David "Beno" Benveniste is an American entrepreneur from Beverly Hills, California. He is CEO of Velvet Hammer Music and Management Group, which represents Grammy Award-winning and nominated artists that includes; System Of A Down, Korn, Deftones, AFI, Avenged Sevenfold, Alice in Chains, and more. VHMGMT also has a publishing branch and record label, to which OneRepublic was signed. 

Beno has also amassed a prolific collection of street art and pop art, and is a luxury real estate investor.

Early life and education
Beno attended Beverly Hills High School and graduated from Annenberg School of Communication and Journalism at the University of Southern California.

As alma mater, Beno continues to give back to USC by speaking to students and challenging them to think beyond the current music industry business models. "When it comes to guest speakers at USC Thornton's Music Industry program, Beno is definitely a headliner", offers chairman of the Music Industry Program, Michael K. Garcia.

Career
In 1996, after seeing System Of A Down (SOAD) perform at a rehearsal in North Hollywood, Beno gradually took over managerial duties for the band. Through his use of emerging online marketing techniques, management and free online distribution, he helped propel System Of A Down to worldwide success.

In 1997, Beno founded Velvet Hammer Music and Management Group. Velvet Hammer also went on to include a publishing branch and record label, to which OneRepublic was signed. 

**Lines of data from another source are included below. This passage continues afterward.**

Definition simple_over (K : fieldType) (g : lmodType K) (L : g -> Prop)
    (V : lmodType K) (act : g -> V -> V) : Prop :=
  (exists v : V, v <> 0) /\
  forall S : V -> Prop, is_subspace S -> (forall x v, L x -> S v -> S (act x v)) ->
    (forall v, S v -> v = 0) \/ (forall v, S v).

Definition is_tensor_product (K : fieldType) (H U T : lmodType K)
    (beta : H -> U -> T) : Prop :=
  bilinear_map beta /\
  forall (W : lmodType K) (phi : H -> U -> W), bilinear_map phi ->
    exists f : T -> W, (linear_map f /\ forall h u, f (beta h u) = phi h u) /\
      forall f' : T -> W, linear_map f' -> (forall h u, f' (beta h u) = phi h u) ->
        forall t, f' t = f t.

From HB Require Import structures.
From mathcomp Require Import all_boot all_algebra.
From mathcomp Require Import complex reals.
From mathcomp Require Import boolp classical_sets cardinality.
From mathcomp Require Import ereal measure lebesgue_measure.
From mathcomp Require finmap.
Set Implicit Arguments. Unset Strict Implicit. Unset Printing Implicit Defensive.
Import GRing.Theory.
Local Open Scope ring_scope.

(* U := Hom_b(H, M), with x.f := x o f - f o x, is a g-module on which b acts trivially,
   and evaluation H (x) U -> M is g-equivariant.  Dixmier's lemma (H has countable
   dimension over the uncountable field C) gives End_b(H) = C, whence a Jacobson density
   statement: if f_1, ..., f_n in U are linearly independent, then sum_i f_i(h_i) = 0
   forces every h_i = 0.  So evaluation is injective on H (x) U; its image is a nonzero
   g-submodule of the simple module M, so it is onto.  Finally an a-submodule S of U is a
   g-submodule, so S(H) is 0 or M, and density turns this into S = 0 or S = U. *)

Section LinearMap.
Variables (K : fieldType) (V W : lmodType K) (f : V -> W).
Hypothesis f_lin : linear_map f.

Lemma linear_map0 : f 0 = 0.
Proof.
have := f_lin 1 0 0; rewrite !scale1r addr0 => f0.
by apply: (addrI (f 0)); rewrite addr0 -f0.
Qed.

Lemma linear_mapD u v : f (u + v) = f u + f v.
Proof. by have := f_lin 1 u v; rewrite !scale1r. Qed.

Lemma linear_mapZ c v : f (c *: v) = c *: f v.
Proof. by rewrite -[c *: v]addr0 f_lin linear_map0 addr0. Qed.

Lemma linear_mapN v : f (- v) = - f v.
Proof. by rewrite -scaleN1r linear_mapZ scaleN1r. Qed.

Lemma linear_mapB u v : f (u - v) = f u - f v.
Proof. by rewrite linear_mapD linear_mapN. Qed.

Lemma linear_map_sum (I : Type) (r : seq I) (P : pred I) (F : I -> V) :
  f (\sum_(i <- r | P i) F i) = \sum_(i <- r | P i) f (F i).
Proof. exact: (big_morph f linear_mapD linear_map0). Qed.

End LinearMap.

Section NatIndexedSums.
Variable V : zmodType.

Lemma sumr_ord_recl n (F : nat -> V) :
  \sum_(i < n.+1) F i = F 0%N + \sum_(i < n) F i.+1.
Proof. by rewrite big_ord_recl; congr (_ + _); apply: eq_bigr => i _; rewrite lift0. Qed.

Lemma sumr_ord_bump m j (F : nat -> V) : (j <= m)%N ->
  \sum_(i < m.+1) F i = F j + \sum_(i < m) F (bump j i).
Proof.
move=> le_jm; have lt_jm1 : (j < m.+1)%N by [].
by rewrite (bigD1_ord (Ordinal lt_jm1) (P := xpredT)).
Qed.

End NatIndexedSums.

Definition catf (T : Type) n (F G : nat -> T) i := if (i < n)%N then F i else G (i - n)%N.

Lemma sumr_catf (A B : Type) (V : zmodType) (op : A -> B -> V) m n
    (F1 F2 : nat -> A) (G1 G2 : nat -> B) :
  \sum_(i < m + n) op (catf m F1 F2 i) (catf m G1 G2 i) =
  \sum_(i < m) op (F1 i) (G1 i) + \sum_(i < n) op (F2 i) (G2 i).
Proof.
rewrite big_split_ord /=; congr (_ + _); apply: eq_bigr => i _; rewrite /catf /=.
  by rewrite ltn_ord.
by rewrite ltnNge leq_addr /= addKn.
Qed.

Lemma catf_forall (T : Type) (P : T -> Prop) m n F G :
  (forall i, (i < m)%N -> P (F i)) -> (forall i, (i < n)%N -> P (G i)) ->
  forall i, (i < m + n)%N -> P (catf m F G i).
Proof.
move=> PF PG i lt_i; rewrite /catf; case: ifP => [|/negbT]; first exact: PF.
by rewrite -leqNgt => le_mi; apply: PG; rewrite ltn_subLR.
Qed.

Section LinearCombinations.
Variables (K : fieldType) (V : lmodType K).

Lemma subspace_lincomb (S : V -> Prop) n (c : nat -> K) (F : nat -> V) :
  is_subspace S -> (forall i, (i < n)%N -> S (F i)) -> S (\sum_(i < n) c i *: F i).
Proof.
move=> [S0 [SD SZ]]; elim: n => [|n IH] SF; first by rewrite big_ord0.
rewrite big_ord_recr /=; apply: SD; last by apply/SZ/SF.
by apply: IH => i lt_in; apply/SF/ltnW.
Qed.

Lemma sumr_ord_widen n N (c : nat -> K) (F : nat -> V) : (n <= N)%N ->
  \sum_(i < n) c i *: F i = \sum_(i < N) (if (i < n)%N then c i else 0) *: F i.
Proof.
move=> le_nN; rewrite (big_ord_widen N (fun i => c i *: F i) le_nN) big_mkcond /=.
by apply: eq_bigr => i _; case: ifP => //; rewrite scale0r.
Qed.

Definition lin_indep n (v : nat -> V) := forall c : nat -> K,
  \sum_(i < n) c i *: v i = 0 -> forall i, (i < n)%N -> c i = 0.

Lemma lin_indep_behead n v : lin_indep n.+1 v -> lin_indep n (fun i => v i.+1).
Proof.
move=> v_indep c c_rel i lt_in.
apply: (v_indep (fun i => if i is j.+1 then c j else 0) _ i.+1 lt_in).
by rewrite (sumr_ord_recl _ (fun i => (if i is j.+1 then c j else 0) *: v i)) scale0r add0r.
Qed.

Lemma lin_depP n v : ~ lin_indep n v ->
  exists2 c : nat -> K, \sum_(i < n) c i *: v i = 0 & exists2 j, (j < n)%N & c j <> 0.
Proof.
move=> v_dep; apply: contrapT => no_rel; apply: v_dep => c c_rel i lt_in.
by apply: contrapT => ci_neq0; apply: no_rel; exists c => //; exists i.
Qed.

Lemma lin_dep_cons n v : lin_indep n (fun i => v i.+1) -> ~ lin_indep n.+1 v ->
  exists d : nat -> K, v 0%N = \sum_(i < n) d i *: v i.+1.
Proof.
move=> tail_indep /lin_depP[c + [j lt_jn cj_neq0]].
rewrite (sumr_ord_recl _ (fun i => c i *: v i)) => c_rel.
have c0_neq0 : c 0%N <> 0.
  move=> c00; move: c_rel; rewrite c00 scale0r add0r => c_rel.
  case: j lt_jn cj_neq0 => [|j] lt_jn; apply=> //.
  exact: (tail_indep (fun i => c i.+1) c_rel j lt_jn).
move/eqP: c_rel; rewrite addr_eq0 => /eqP /(congr1 (fun w => (c 0%N)^-1 *: w)).
rewrite scalerA mulVf ?scale1r => [->|]; last exact/eqP.
exists (fun i => - ((c 0%N)^-1 * c i.+1)).
rewrite scalerN scaler_sumr -sumrN.
by apply: eq_bigr => i _; rewrite scalerA scaleNr.
Qed.

Lemma lin_dep_shorten (H : lmodType K) n (fs : nat -> V) (hs : nat -> H) :
  ~ lin_indep n fs -> exists m j (hs' : nat -> H), [/\ n = m.+1, (j <= m)%N &
    forall (X : lmodType K) (Psi : H -> V -> X), bilinear_map Psi ->
      \sum_(i < n) Psi (hs i) (fs i) = \sum_(i < m) Psi (hs' i) (fs (bump j i))].
Proof.
move=> /lin_depP[c]; case: n => [_ [] //|m c_rel [j lt_jm cj_neq0]].
have le_jm : (j <= m)%N := lt_jm.
exists m, j, (fun i => hs (bump j i) - (c (bump j i) / c j) *: hs j).
split => // X Psi [Psi_linl Psi_linr].
rewrite (@sumr_ord_bump _ m j (fun i => Psi (hs i) (fs i)) le_jm).
under [RHS]eq_bigr do rewrite (linear_mapB (Psi_linl _)) (linear_mapZ (Psi_linl _)).
rewrite sumrB addrC; congr (_ + _).
move: c_rel; rewrite (@sumr_ord_bump _ m j (fun i => c i *: fs i) le_jm) => /eqP.
rewrite addr_eq0 => /eqP /(congr1 (fun f => (c j)^-1 *: f)).
rewrite scalerA mulVf ?scale1r => [->|]; last exact/eqP.
rewrite (linear_mapZ (Psi_linr _)) (linear_mapN (Psi_linr _)) (linear_map_sum (Psi_linr _)).
rewrite scalerN scaler_sumr; congr (- _); apply: eq_bigr => i _.
by rewrite (linear_mapZ (Psi_linr _)) scalerA mulrC.
Qed.

Definition spanned (e : nat -> V) (v : V) :=
  exists N (c : nat -> K), v = \sum_(i < N) c i *: e i.

Lemma spanned_subspace e : is_subspace (spanned e).
Proof.
split; [|split].
- by exists 0%N, (fun _ => 0); rewrite big_ord0.
- move=> _ _ [n1 [c1 ->]] [n2 [c2 ->]].
  exists (maxn n1 n2), (fun i => (if (i < n1)%N then c1 i else 0) +
                                (if (i < n2)%N then c2 i else 0)).
  rewrite (@sumr_ord_widen n1 (maxn n1 n2)) ?leq_maxl //.
  rewrite (@sumr_ord_widen n2 (maxn n1 n2)) ?leq_maxr //.
  by rewrite -big_split /=; apply: eq_bigr => i _; rewrite scalerDl.
- move=> c _ [n [d ->]]; exists n, (fun i => c * d i).
  by rewrite scaler_sumr; apply: eq_bigr => i _; rewrite scalerA.
Qed.

Lemma spanned_gen e k : spanned e (e k).
Proof.
exists k.+1, (fun i => (i == k)%:R); rewrite big_ord_recr /= eqxx scale1r big1 ?add0r //.
by move=> i _; rewrite (ltn_eqF (ltn_ord i)) scale0r.
Qed.

(* A nonzero row of the kernel of the (N+1) x N coefficient matrix is a dependence relation. *)
Lemma spanned_lin_dep N (e w : nat -> V) :
  (forall j, (j <= N)%N -> exists c : nat -> K, w j = \sum_(i < N) c i *: e i) ->
  ~ lin_indep N.+1 w.
Proof.
move=> w_span w_indep.
have /choice[cf cf_w] : forall j, exists c : nat -> K,
    (j <= N)%N -> w j = \sum_(i < N) c i *: e i.
  move=> j; case: (leqP j N) => [le_jN|_]; last by exists (fun _ => 0).
  by have [c c_w] := w_span j le_jN; exists c.
pose A : 'M[K]_(N.+1, N) := \matrix_(j, i) cf j i.
have /rowV0Pn[x x_ker x_neq0] : kermx A != 0.
  by rewrite -mxrank_eq0 mxrank_ker subn_eq0 -ltnNge ltnS rank_leq_col.
have xA0 : x *m A = 0 by apply/sub_kermxP.
have [k xk_neq0] : exists k, x 0 k != 0.
  apply: contrapT => xk0; move/eqP: x_neq0; apply; apply/rowP => k.
  by rewrite mxE; apply/eqP/negPn/negP => xk; apply: xk0; exists k.
move/eqP: xk_neq0; apply; rewrite -[k in x 0 k]inord_val.
apply: (w_indep (fun j => x 0 (inord j))) => //.
under eq_bigr => j _ do rewrite inord_val (cf_w j (ltn_ord j)) scaler_sumr.
rewrite exchange_big /=; apply: big1 => i _.
under eq_bigr do rewrite scalerA.
rewrite -scaler_suml.
have -> : \sum_(j < N.+1) x 0 j * cf j i = (x *m A) 0 i.
  by rewrite mxE; apply: eq_bigr => j _; rewrite mxE.
by rewrite xA0 mxE scale0r.
Qed.

End LinearCombinations.

Definition equivariant (K : fieldType) (g : lmodType K) (L : g -> Prop)
    (V W : lmodType K) (actV : g -> V -> V) (actW : g -> W -> W) (f : V -> W) :=
  linear_map f /\ forall x v, L x -> f (actV x v) = actW x (f v).

Section PolyApply.
Variables (K : fieldType) (V : lmodType K) (phi : V -> V).
Hypothesis phi_lin : linear_map phi.

Lemma iter_linear i : linear_map (iter i phi).
Proof. by elim: i => [|i IH] c u v //=; rewrite IH phi_lin. Qed.

Definition papply (p : {poly K}) (v : V) := \sum_(i < size p) p`_i *: iter i phi v.

Lemma papply_widen n (p : {poly K}) v : (size p <= n)%N ->
  papply p v = \sum_(i < n) p`_i *: iter i phi v.
Proof.
move=> le_pn; rewrite /papply (big_ord_widen n (fun i => p`_i *: iter i phi v) le_pn).
rewrite big_mkcond /=; apply: eq_bigr => i _; case: ifP => // /negbT.
by rewrite -leqNgt => le_pi; rewrite nth_default // scale0r.
Qed.

Lemma papply0 v : papply 0 v = 0.
Proof. by rewrite /papply size_poly0 big_ord0. Qed.

Lemma papplyD p q v : papply (p + q) v = papply p v + papply q v.
Proof.
set n := maxn (size p) (size q).
rewrite (@papply_widen n (p + q)); last exact: leq_trans (size_polyD _ _) _.
rewrite (@papply_widen n p) ?leq_maxl // (@papply_widen n q) ?leq_maxr // -big_split.
by apply: eq_bigr => i _; rewrite coefD scalerDl.
Qed.

Lemma papplyZ c p v : papply (c *: p) v = c *: papply p v.
Proof.
rewrite (@papply_widen (size p) (c *: p)) ?size_scale_leq // /papply scaler_sumr.
by apply: eq_bigr => i _; rewrite coefZ scalerA.
Qed.

Lemma papplyC c v : papply c%:P v = c *: v.
Proof. by rewrite (@papply_widen 1 c%:P) ?size_polyC ?leq_b1 // big_ord1 coefC. Qed.

Lemma papplyXM q v : papply ('X * q) v = phi (papply q v).
Proof.
rewrite (@papply_widen (size q).+1 ('X * q)); last first.
  by apply: leq_trans (size_polyMleq _ _) _; rewrite size_polyX.
rewrite big_ord_recl coefXM scale0r add0r /papply (linear_map_sum phi_lin).
by apply: eq_bigr => i _; rewrite coefXM (linear_mapZ phi_lin).
Qed.

Lemma papply1 v : papply 1 v = v.
Proof. by rewrite -polyC1 papplyC scale1r. Qed.

Lemma papplyX v : papply 'X v = phi v.
Proof. by rewrite -[X in papply X]mulr1 papplyXM papply1. Qed.

Lemma papply_linear p : linear_map (papply p).
Proof.
move=> c u w; rewrite /papply scaler_sumr -big_split; apply: eq_bigr => i _.
by rewrite iter_linear scalerDr !scalerA mulrC.
Qed.

Lemma papplyM p q v : papply (p * q) v = papply p (papply q v).
Proof.
elim/poly_ind: p q v => [|p c IH] q v; first by rewrite mul0r !papply0.
by rewrite mulrDl -mulrA mul_polyC papplyD papplyZ IH papplyXM papplyD IH papplyX papplyC.
Qed.

Lemma papply_sum (I : Type) (r : seq I) (P : pred I) (F : I -> {poly K}) v :
  papply (\sum_(i <- r | P i) F i) v = \sum_(i <- r | P i) papply (F i) v.
Proof. exact: (big_morph (papply^~ v) (fun p q => papplyD p q v) (papply0 v)). Qed.

Lemma papplyXsubC z v : papply ('X - z%:P) v = phi v - z *: v.
Proof.
by rewrite papplyD -polyCN papplyC papplyX scaleNr.
Qed.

In addition to being recognized as one of rock music’s elite managers, Beno is also hyperactive in the luxury real estate industry. In 2013, The Wall Street Journal covered the sale of one of his Beverly Hills properties for $7.425 million.

StreetWise
Around the same time that Velvet Hammer was founded, Beno also founded digital marketing agency, StreetWise Concepts & Culture, which utilized social media marketing, interactive marketing and word-of-mouth marketing to connect brands with emerging trends in youth culture. As the Recording Industry Association of America (RIAA) began filing hundreds of subpoenas for file sharing violations, Beno continued to share free music with fans both through physical mail and via the internet. "The first 100,000 albums are always the hardest to sell, and that's the expertise Beno provides", Rick Rubin was quoted as telling Time magazine.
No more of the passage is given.